REQUIRED ACTION
Given the material below, return only the lines starting at the line with "Hypothesis xi_measurable : forall" and ending at the line with "move=> _ _ [B", exactly as they appear.

INFORMATION GIVEN
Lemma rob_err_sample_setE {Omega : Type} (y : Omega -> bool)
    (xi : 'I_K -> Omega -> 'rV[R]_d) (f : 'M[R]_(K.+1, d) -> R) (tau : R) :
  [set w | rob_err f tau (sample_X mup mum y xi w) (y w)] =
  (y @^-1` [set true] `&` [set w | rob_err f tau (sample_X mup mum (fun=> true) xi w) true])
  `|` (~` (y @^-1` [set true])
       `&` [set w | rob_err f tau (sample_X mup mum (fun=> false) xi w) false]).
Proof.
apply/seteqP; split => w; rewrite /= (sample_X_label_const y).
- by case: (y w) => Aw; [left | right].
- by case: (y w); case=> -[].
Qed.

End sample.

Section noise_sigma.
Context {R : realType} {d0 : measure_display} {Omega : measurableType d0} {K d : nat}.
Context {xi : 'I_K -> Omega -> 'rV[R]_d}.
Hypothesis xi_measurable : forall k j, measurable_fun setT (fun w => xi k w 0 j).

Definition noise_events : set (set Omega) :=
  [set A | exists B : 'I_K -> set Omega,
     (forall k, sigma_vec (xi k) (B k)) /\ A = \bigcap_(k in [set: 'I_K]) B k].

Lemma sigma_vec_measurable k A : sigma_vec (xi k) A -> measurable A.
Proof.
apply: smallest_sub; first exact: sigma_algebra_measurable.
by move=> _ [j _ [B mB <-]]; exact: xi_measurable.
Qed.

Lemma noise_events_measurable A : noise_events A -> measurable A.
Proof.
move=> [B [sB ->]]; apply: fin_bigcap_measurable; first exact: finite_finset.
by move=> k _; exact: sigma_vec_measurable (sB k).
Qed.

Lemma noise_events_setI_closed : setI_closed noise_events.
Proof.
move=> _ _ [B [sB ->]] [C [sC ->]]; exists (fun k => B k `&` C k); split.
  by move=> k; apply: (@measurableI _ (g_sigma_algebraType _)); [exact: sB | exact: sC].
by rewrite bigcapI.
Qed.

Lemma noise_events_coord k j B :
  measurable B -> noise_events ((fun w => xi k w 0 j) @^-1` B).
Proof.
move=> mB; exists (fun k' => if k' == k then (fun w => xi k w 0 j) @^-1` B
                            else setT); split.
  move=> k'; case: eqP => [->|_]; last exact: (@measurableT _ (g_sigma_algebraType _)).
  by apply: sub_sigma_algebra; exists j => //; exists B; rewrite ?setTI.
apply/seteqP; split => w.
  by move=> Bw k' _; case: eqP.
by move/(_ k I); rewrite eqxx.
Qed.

...

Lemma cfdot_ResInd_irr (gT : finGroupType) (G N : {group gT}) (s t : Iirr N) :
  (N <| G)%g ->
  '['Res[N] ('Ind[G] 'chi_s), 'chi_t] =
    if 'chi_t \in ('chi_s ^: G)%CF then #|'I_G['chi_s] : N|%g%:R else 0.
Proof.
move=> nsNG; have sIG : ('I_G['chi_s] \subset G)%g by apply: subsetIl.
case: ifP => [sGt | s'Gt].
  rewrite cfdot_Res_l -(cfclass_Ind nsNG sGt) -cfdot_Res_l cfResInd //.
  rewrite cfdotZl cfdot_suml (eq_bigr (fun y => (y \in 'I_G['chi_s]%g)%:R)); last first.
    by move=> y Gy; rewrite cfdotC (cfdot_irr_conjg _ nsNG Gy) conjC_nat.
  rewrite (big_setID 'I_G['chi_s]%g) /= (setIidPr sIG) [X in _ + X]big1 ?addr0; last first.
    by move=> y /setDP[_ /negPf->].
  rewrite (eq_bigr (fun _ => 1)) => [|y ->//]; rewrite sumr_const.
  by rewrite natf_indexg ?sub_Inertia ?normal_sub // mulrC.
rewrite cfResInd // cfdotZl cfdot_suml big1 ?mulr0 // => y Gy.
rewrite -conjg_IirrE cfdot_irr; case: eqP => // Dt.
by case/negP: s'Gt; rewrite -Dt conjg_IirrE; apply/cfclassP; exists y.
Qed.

YOUR SOLUTION
Hypothesis xi_measurable : forall k j, measurable_fun setT (fun w => xi k w 0 j).

Definition noise_events : set (set Omega) :=
  [set A | exists B : 'I_K -> set Omega,
     (forall k, sigma_vec (xi k) (B k)) /\ A = \bigcap_(k in [set: 'I_K]) B k].

Lemma sigma_vec_measurable k A : sigma_vec (xi k) A -> measurable A.
Proof.
apply: smallest_sub; first exact: sigma_algebra_measurable.
by move=> _ [j _ [B mB <-]]; exact: xi_measurable.
Qed.

Lemma noise_events_measurable A : noise_events A -> measurable A.
Proof.
move=> [B [sB ->]]; apply: fin_bigcap_measurable; first exact: finite_finset.
by move=> k _; exact: sigma_vec_measurable (sB k).
Qed.

Lemma noise_events_setI_closed : setI_closed noise_events.
Proof.
move=> _ _ [B [sB ->]] [C [sC ->]]; exists (fun k => B k `&` C k); split.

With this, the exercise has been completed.